--- START ---
(* Under the standing assumptions, let $u\in X\setminus\{0\}$, $\zeta\in X^*\setminus\{0\}$ and $\lambda>0$. Then $u$ is a $p$-eigenvector of $J$ with subgradient $\zeta$ and eigenvalue $\lambda$ if and only if $\zeta$ is a $q$-eigenvector of $J^*$ with subgradient $u$ and eigenvalue $\mu=\lambda^{1-q}$.
   Context: Standing assumptions: $X$ is a real reflexive Banach space with dual $X^*$ and duality pairing $\langle\cdot,\cdot\rangle$; $\Gamma_0(X)$ is the class of proper, lower semi-continuous, convex functionals $X\to\mathbb{R}\cup\{+\infty\}$. Fix $1<p<\infty$ and $q=\frac{p}{p-1}$. Let $J\in\Gamma_0(X)$, and let $H\in\Gamma_0(X)$ be absolutely $p$-homogeneous ($H(tu)=|t|^pH(u)$) such that $|u|_H:=(pH(u))^{1/p}$ is a norm on $X$, so $H(u)=\frac1p|u|_H^p$. The dual norm is $|\zeta|_{H^*}=\sup_{u\ne0}\langle\zeta,u\rangle/|u|_H$, and $H^*(\zeta)=\frac1q|\zeta|_{H^*}^q$. The Fenchel conjugate is $J^*(\zeta)=\sup_{u\in X}\langle\zeta,u\rangle-J(u)$ and the subdifferential is $\partial J(u)=\{\zeta\in X^*:\ J(u)+\langle\zeta,v-u\rangle\le J(v)\ \forall v\in X\}$. Growth assumption: there is $c>0$ with $H(u)\le cJ(u)$ for all $u\in X$. The Rayleigh quotient is $R(u)=J(u)/H(u)$ for $u\ne0$ and the dual Rayleigh quotient is $R_*(\zeta)=J^*(\zeta)/H^*(\zeta)$ for $\zeta\ne0$. A $p$-eigenvector of $J$: $u\in X\setminus\{0\}$ with subgradient $\zeta\in\partial J(u)$ and eigenvalue $\lambda=R(u)\in\mathbb{R}$ such that $\zeta\in\lambda\,\partial H(u)$. A $q$-eigenvector of $J^*$: $\zeta\in X^*\setminus\{0\}$ with subgradient $u\in\partial J^*(\zeta)$ and eigenvalue $\mu=R_*(\zeta)\in\mathbb{R}$ such that $u\in\mu\,\partial H^*(\zeta)$. *)

From HB Require Import structures.
From mathcomp Require Import all_boot all_order all_algebra.
From mathcomp Require Import all_classical all_reals all_analysis.
Set Implicit Arguments. Unset Strict Implicit. Unset Printing Implicit Defensive.
Import Order.TTheory GRing.Theory Num.Theory.
Import numFieldNormedType.Exports.
Local Open Scope classical_set_scope.
Local Open Scope ring_scope.

(* Elements of X^* are represented as functions X -> R that are linear and
   continuous; the duality pairing <zeta, u> is application zeta u.         *)
Definition in_dual {R : realType} {X : normedModType R} (zeta : X -> R) : Prop :=
  (forall (a : R) (x y : X), zeta (a *: x + y) = a * zeta x + zeta y)
  /\ continuous zeta.

Definition dual_norm {R : realType} {X : normedModType R} (zeta : X -> R) : R :=
  sup [set `|zeta x| | x in [set x : X | `|x| <= 1]].

Definition reflexive_space {R : realType} (X : normedModType R) : Prop :=
  forall phi : (X -> R) -> R,
    (forall (a : R) (z1 z2 : X -> R), in_dual z1 -> in_dual z2 ->
        phi (fun x => a * z1 x + z2 x) = a * phi z1 + phi z2) ->
    (exists C : R, forall z, in_dual z -> `|phi z| <= C * dual_norm z) ->
    exists u : X, forall z, in_dual z -> phi z = z u.

Local Open Scope ereal_scope.

Definition proper_fun {R : realType} {X : normedModType R} (J : X -> \bar R) : Prop :=
  (exists u, J u < +oo) /\ (forall u, J u != -oo).

Definition convex_efun {R : realType} {X : normedModType R} (J : X -> \bar R) : Prop :=
  forall (t : R) (u v : X), (0 <= t <= 1)%R ->
    J (((1 - t) *: u + t *: v)%R) <= (1 - t)%R%:E * J u + t%:E * J v.

Definition Gamma0 {R : realType} {X : normedModType R} (J : X -> \bar R) : Prop :=
  proper_fun J /\ lower_semicontinuous J /\ convex_efun J.

Definition fconj {R : realType} {X : normedModType R} (J : X -> \bar R)
    (zeta : X -> R) : \bar R :=
  ereal_sup [set (zeta u)%:E - J u | u in [set: X]].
--- END ---
Aim of the exercise → Every line from the line containing "phi (fun x =>" through the line containing "Local Open Scope ereal_scope." in the records above must be retyped exactly. Leave out the rest.

Answer section →
        phi (fun x => a * z1 x + z2 x) = a * phi z1 + phi z2) ->
    (exists C : R, forall z, in_dual z -> `|phi z| <= C * dual_norm z) ->
    exists u : X, forall z, in_dual z -> phi z = z u.

Local Open Scope ereal_scope.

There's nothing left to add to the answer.